Masala Mentallica

Reality is no barrier for India's silver screen heroes. How have film stars used over-the-top sequences to woo audiences?

Yeh Sala Hindustan Mein, Jab Tak Cinema Hai, Log Chuthiye Bante Rahenge – Ramadheer Singh, Gangs of Wasseypur

I couldn’t agree more. Watching some Indian films is like popping a capsule of silly. It might make you go maha-mental, but what you are about to experience is EPIC!

Can you light a cigarette with a look of fire in your eyes? No, seriously! Can you?

A South Indian super star can! By defying laws of gravity, he pops a cigarette into his mouth, pulls out a matchstick and gives out a look of fire – and voila! The matchstick catches fire, and his cigarette is lit.

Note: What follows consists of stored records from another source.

(* Let $r$ and $k$ be odd positive integers such that $2^{\alpha}k\in G_r$ for all nonnegative integers $\alpha$, and let $k_1,k_2$ be relatively prime positive integers with $k_1k_2=k$. Then either $2^{\alpha}k_1\in G_r$ for all nonnegative integers $\alpha$, or $2^{\alpha}k_2\in G_r$ for all nonnegative integers $\alpha$.
   Context: For a positive integer $r$, the $r$-th Schemmel totient function $S_r:\mathbb{N}\to\mathbb{N}_0$ is the multiplicative arithmetic function (so $S_r(1)=1$ and $S_r(ab)=S_r(a)S_r(b)$ for coprime $a,b$) defined on prime powers by $S_r(p^{\alpha})=0$ if $p\le r$ and $S_r(p^\alpha)=p^{\alpha-1}(p-r)$ if $p>r$, for all primes $p$ and positive integers $\alpha$. $G_r$ denotes the set of positive integers not in the range of $S_r$. *)

From mathcomp Require Import all_boot.
Set Implicit Arguments. Unset Strict Implicit. Unset Printing Implicit Defensive.

Definition schemmel (r n : nat) : nat :=
  \prod_(p <- primes n)
     (if p <= r then 0 else p ^ (logn p n).-1 * (p - r)).

Definition inG (r n : nat) : Prop :=
  0 < n /\ ~ (exists m, 0 < m /\ schemmel r m = n).

From mathcomp Require Import all_boot.
From Stdlib Require Import Classical.

(* The prime-power factors of S_r depend only on the exponents, so
   S_r(lcm m1 m2) S_r(gcd m1 m2) = S_r(m1) S_r(m2), and S_r preserves
   divisibility.  If S_r(m1) = 2^a k1 and S_r(m2) = 2^b k2, then S_r(gcd m1 m2)
   divides both, hence is coprime to the odd k1 while dividing 2^a k1: it is a
   power of 2, and then S_r(lcm m1 m2) = 2^c k1 k2 for some c, contradicting
   2^c k in G_r. *)

Section SchemmelLattice.

Variable r : nat.

Definition schemmel_pfactor (p e : nat) : nat :=
  if e is e'.+1 then (if p <= r then 0 else p ^ e' * (p - r)) else 1.

Lemma schemmel_prod_range n N : 0 < n -> n < N ->
  schemmel r n = \prod_(0 <= p < N) schemmel_pfactor p (logn p n).
Proof.
move=> n_gt0 lt_nN; rewrite /schemmel.
have -> : \prod_(0 <= p < N) schemmel_pfactor p (logn p n) =
    \prod_(p <- index_iota 0 N | p \in primes n) schemmel_pfactor p (logn p n).
  rewrite [RHS]big_mkcond /=; apply: eq_bigr => p _.
  by case: ifP => // /negbT; rewrite -logn_gt0 lt0n negbK => /eqP ->.
rewrite -[RHS]big_filter.
have -> : \prod_(p <- primes n) (if p <= r then 0 else p ^ (logn p n).-1 * (p - r))
    = \prod_(p <- primes n) schemmel_pfactor p (logn p n).
  by apply: eq_big_seq => p; rewrite -logn_gt0; case: (logn p n).
apply: perm_big; apply: uniq_perm; first exact: primes_uniq.
  by rewrite filter_uniq ?iota_uniq.
move=> p; rewrite mem_filter mem_iota add0n subn0.
case pn: (p \in primes n) => //=.
move: pn; rewrite mem_primes => /and3P [_ _ /(dvdn_leq n_gt0) le_pn].
by rewrite (leq_ltn_trans le_pn lt_nN).
Qed.

Lemma schemmel_pfactor_dvd p e f : e <= f -> schemmel_pfactor p e %| schemmel_pfactor p f.
Proof.
case: e => [|e]; first by rewrite dvd1n.
case: f => [|f] //= le_ef; case: (p <= r) => //.
by rewrite dvdn_mul ?dvdn_exp2l.
Qed.

Lemma schemmel_dvd m n : 0 < n -> m %| n -> schemmel r m %| schemmel r n.
Proof.
move=> n_gt0 dv_mn; have m_gt0 := dvdn_gt0 n_gt0 dv_mn.
rewrite !(@schemmel_prod_range _ n.+1) ?ltnS ?(dvdn_leq n_gt0) //.
apply: (big_ind2 (fun x y => x %| y)) => // [x1 x2 y1 y2|p _]; first exact: dvdn_mul.
exact/schemmel_pfactor_dvd/dvdn_leq_log.
Qed.

Lemma schemmel_lcm_gcd m1 m2 : 0 < m1 -> 0 < m2 ->
  schemmel r (lcmn m1 m2) * schemmel r (gcdn m1 m2) = schemmel r m1 * schemmel r m2.
Proof.
move=> m1_gt0 m2_gt0; have gcd_gt0 : 0 < gcdn m1 m2 by rewrite gcdn_gt0 m1_gt0.
have le_m1N : m1 <= m1 * m2 by rewrite leq_pmulr.
have le_m2N : m2 <= m1 * m2 by rewrite leq_pmull.
have le_lcmN : lcmn m1 m2 <= m1 * m2 by rewrite -muln_lcm_gcd leq_pmulr.
have le_gcdN : gcdn m1 m2 <= m1 * m2.
  exact: leq_trans (dvdn_leq m1_gt0 (dvdn_gcdl _ _)) le_m1N.
rewrite !(@schemmel_prod_range _ (m1 * m2).+1) ?lcmn_gt0 ?m1_gt0 //.
rewrite -!big_split /=; apply: eq_bigr => p _.
rewrite logn_lcm // logn_gcd // /maxn /minn.
by case: ltnP; rewrite // mulnC.
Qed.

Lemma schemmel_lcm_pow2_mul {m1 m2 a b k1 k2} : 0 < m1 -> 0 < m2 ->
  odd k1 -> coprime k1 k2 ->
  schemmel r m1 = 2 ^ a * k1 -> schemmel r m2 = 2 ^ b * k2 ->
  exists c, schemmel r (lcmn m1 m2) = 2 ^ c * (k1 * k2).
Proof.
move=> m1_gt0 m2_gt0 odd_k1 co_k12 S_m1 S_m2.
have gcd_dvd1 : schemmel r (gcdn m1 m2) %| 2 ^ a * k1.
  by rewrite -S_m1 schemmel_dvd ?dvdn_gcdl.
have gcd_dvd2 : schemmel r (gcdn m1 m2) %| 2 ^ b * k2.
  by rewrite -S_m2 schemmel_dvd ?dvdn_gcdr.
have co_gcd_k1 : coprime (schemmel r (gcdn m1 m2)) k1.
  apply: coprime_dvdl gcd_dvd2 _.
  by rewrite coprimeMl coprimeXl ?coprime2n // coprime_sym.
rewrite mulnC Gauss_dvdr // in gcd_dvd1.
have /(@dvdn_pfactor 2 _ _ isT) [d le_da S_gcd] := gcd_dvd1.
exists (a + b - d); apply/eqP.
rewrite -(@eqn_pmul2r (2 ^ d)) ?expn_gt0 // -S_gcd schemmel_lcm_gcd // S_m1 S_m2.
apply/eqP; rewrite S_gcd [RHS]mulnAC -expnD subnK; first by rewrite expnD mulnACA.
exact: leq_trans le_da (leq_addr _ _).
Qed.

End SchemmelLattice.

Theorem theorem3p4 (r k k1 k2 : nat) :
  0 < r -> odd r -> 0 < k -> odd k ->
  (forall a : nat, inG r (2 ^ a * k)) ->
  0 < k1 -> 0 < k2 -> coprime k1 k2 -> k1 * k2 = k ->
  (forall a : nat, inG r (2 ^ a * k1)) \/ (forall a : nat, inG r (2 ^ a * k2)).
Proof.
move=> _ _ _ odd_k G_k k1_gt0 k2_gt0 co_k12 def_k.
have odd_k1 : odd k1 by move: odd_k; rewrite -def_k oddM => /andP [].
case: (classic (forall a, inG r (2 ^ a * k1))) => [G_k1 | not_G_k1]; [by left | right].
move=> b; split=> [|[m2 [m2_gt0 S_m2]]]; first by rewrite muln_gt0 expn_gt0.
apply: not_G_k1 => a; split=> [|[m1 [m1_gt0 S_m1]]]; first by rewrite muln_gt0 expn_gt0.
have [c S_lcm] := schemmel_lcm_pow2_mul r m1_gt0 m2_gt0 odd_k1 co_k12 S_m1 S_m2.
apply: (G_k c).2; exists (lcmn m1 m2).
by rewrite lcmn_gt0 m1_gt0 m2_gt0 S_lcm def_k.
Qed.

South Indian super stars can do anything. By anything, we mean – ANYTHING!

Can you get a train to reverse by commanding it?

By slapping his thigh, twirling his moustache and screaming a cacophony of mind numbing dialogues, this super star commands a train to reverse with a flick of his hand, much to the annoyance of the baddies.

Can you command a rooster to chase and kill a six-foot tall baddie? Our stars can.

What is truly incredible about India is its cinema. Indian cinema, badly clubbed together as Bollywood, is where millions were minted, careers were built and an entire industry established – all by rolling out epic jabberwocky.

Even this, was not all original. Some of it, as some would say, is ‘inspired’. Blatantly copied and pasted from films across the world, several Indian films end up like badly botched mutants – with an added dash of masala to make them tacky, kitsch and jhakaas!

Don’t believe me? Search for two words – ‘Indian Thriller’ or ‘Goli Maar’ – and click play.

A tacky green star flashes into your face, transforms into a circle, and a title, written in Telugu appears. The song is from a film called ‘Donga’, which literally means thief!

The makers of the film couldn’t have come up with a more appropriate title. The entire music video is a rip off from Michael Jackson’s ‘Thriller’, one that would make him turn in his grave.

In a botched attempt to imitate Michael Jackson, the star of the film, wearing red latex clothes, jerks his shoulder and crotch up and down – screeching ‘Goli Maar’ (shoot the bullet) with every thrust, running left to right in a makeshift graveyard. He promoted himself as the Indian Michael Jackson, and self-styled himself as the ‘Mega Star’ of Indian cinema. Poor Michael was not paid any royalty.

The film, though a kitsch imitation, was promoted as a blockbuster. The Mega Star of Indian cinema came to be known for such imitations – Indian Rambo, Indian Cowboy and the like, and went on to build a successful film career only to later jump into politics. He is now known to YouTubers across the world as the ‘Goli Maar Guy’, a must-watch when you smoke a lot of curry. Many do not know that later, he would go on to represent brand ‘Incredible India’, as India’s minister for tourism at the Cannes Film Festival.

Films typically have the good fight evil in a climactic scene. After an enduring struggle, the good guys must face off against the bad guys. In one film, a baddie hurls a bomb at the hero. But he catches it with two hands and hurls it back. The baddies jump up and die in the explosion. This process repeats, with more baddies, more bombs and ever more creative ways of catching them and throwing them back. The baddies are all blown up, and all ends well.

The most loved thing in Indian cinema is the maha-superlative. Audiences need that extra dose of masala – that concoction of drama, heroism, sadness and action – regardless of how illogical, incoherent and idiotic it may be. It needs to be a strong dose to suit the Indian palette. There is a subtle acknowledgement that it is after all, a film, mere entertainment, which helps you forget your troubles for three long hours.

Five songs with dances (each with an assortment of backup dancers mimicking the hero’s every move), slapstick comedy, fight sequences and a happy ending. That is the formula.

And, if you choose to mess with the formula, here’s a strong reminder not to:

Don’t trouble the trouble

If you trouble the trouble, the trouble troubles you.

I am not the trouble. I am the truth!

Wohh my Gaawd! I’d better shut up.

India is after all the largest producer of films in the world, and churning out epic jabberwockies is not an easy peasy joke! Mind it!


*Any views expressed are of the author and not of Madras Courier.